Input data ▸
(* The norm $A\mapsto n\,\omega(A)$ is the minimum element of the class of $M$-norms $\||\cdot\||$ on $\mathbb{M}_n$ satisfying $\|A\|_1\le\||A\||$ for all $A\in\mathbb{M}_n$.
   Context: $\mathbb{M}_n$ is the algebra of complex $n\times n$ matrices with identity $I$; $\|A\|_1=\mathrm{Tr}(|A|)$ is the trace norm and $\omega(A)=\sup\{|\langle x,Ax\rangle|:\|x\|=1\}$ the numerical radius. A norm $\||\cdot\||$ on $\mathbb{M}_n$ is an $M$-norm if $\left\||\sum_{i=1}^k C_i^*X_iC_i\right\||\le \max_{i}\||X_i\||$ for all $k$, all $X_i$ and all $C_i$ with $\sum_{i=1}^k C_i^*C_i=I$. *)

From HB Require Import structures.
From mathcomp Require Import all_boot all_order all_algebra.
From mathcomp Require Import spectral.
From mathcomp Require Import complex.
From mathcomp Require Import boolp classical_sets reals.
From Stdlib Require Import ClassicalEpsilon.

Set Implicit Arguments.
Unset Strict Implicit.
Unset Printing Implicit Defensive.

Import Order.TTheory GRing.Theory Num.Theory.
Local Open Scope ring_scope.
Local Open Scope sesquilinear_scope.

Section Defs.
Variable R : realType.
Local Notation C := (R[i]).

Definition cmod (z : C) : R := Normc.normc z.

Definition psdmx n (P : 'M[C]_n) : Prop :=
  P ^t* = P /\ forall x : 'cV[C]_n, 0 <= (x ^t* *m P *m x) 0 0.

(* |A| := (A^* A)^{1/2}, the (unique) positive semidefinite square root of A^* A *)
Definition absmx n (A : 'M[C]_n) : 'M[C]_n :=
  epsilon (inhabits 0) (fun P => psdmx P /\ P *m P = A ^t* *m A).

(* trace norm ||A||_1 = Tr |A| (a nonnegative real number) *)
Definition trnorm n (A : 'M[C]_n) : R := complex.Re (\tr (absmx A)).

Definition numrad n (A : 'M[C]_n) : R :=
  sup [set cmod ((x ^t* *m A *m x) 0 0) |
        x in [set x : 'cV[C]_n | (x ^t* *m x) 0 0 = 1]].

Problem statement ▸
Transcribe the material exactly, stopping after the "Definition cmod (z : C) : R := Normc.normc z." line.

Response to the exercise ▸
(* The norm $A\mapsto n\,\omega(A)$ is the minimum element of the class of $M$-norms $\||\cdot\||$ on $\mathbb{M}_n$ satisfying $\|A\|_1\le\||A\||$ for all $A\in\mathbb{M}_n$.
   Context: $\mathbb{M}_n$ is the algebra of complex $n\times n$ matrices with identity $I$; $\|A\|_1=\mathrm{Tr}(|A|)$ is the trace norm and $\omega(A)=\sup\{|\langle x,Ax\rangle|:\|x\|=1\}$ the numerical radius. A norm $\||\cdot\||$ on $\mathbb{M}_n$ is an $M$-norm if $\left\||\sum_{i=1}^k C_i^*X_iC_i\right\||\le \max_{i}\||X_i\||$ for all $k$, all $X_i$ and all $C_i$ with $\sum_{i=1}^k C_i^*C_i=I$. *)

From HB Require Import structures.
From mathcomp Require Import all_boot all_order all_algebra.
From mathcomp Require Import spectral.
From mathcomp Require Import complex.
From mathcomp Require Import boolp classical_sets reals.
From Stdlib Require Import ClassicalEpsilon.

Set Implicit Arguments.
Unset Strict Implicit.
Unset Printing Implicit Defensive.

Import Order.TTheory GRing.Theory Num.Theory.
Local Open Scope ring_scope.
Local Open Scope sesquilinear_scope.

Section Defs.
Variable R : realType.
Local Notation C := (R[i]).

Definition cmod (z : C) : R := Normc.normc z.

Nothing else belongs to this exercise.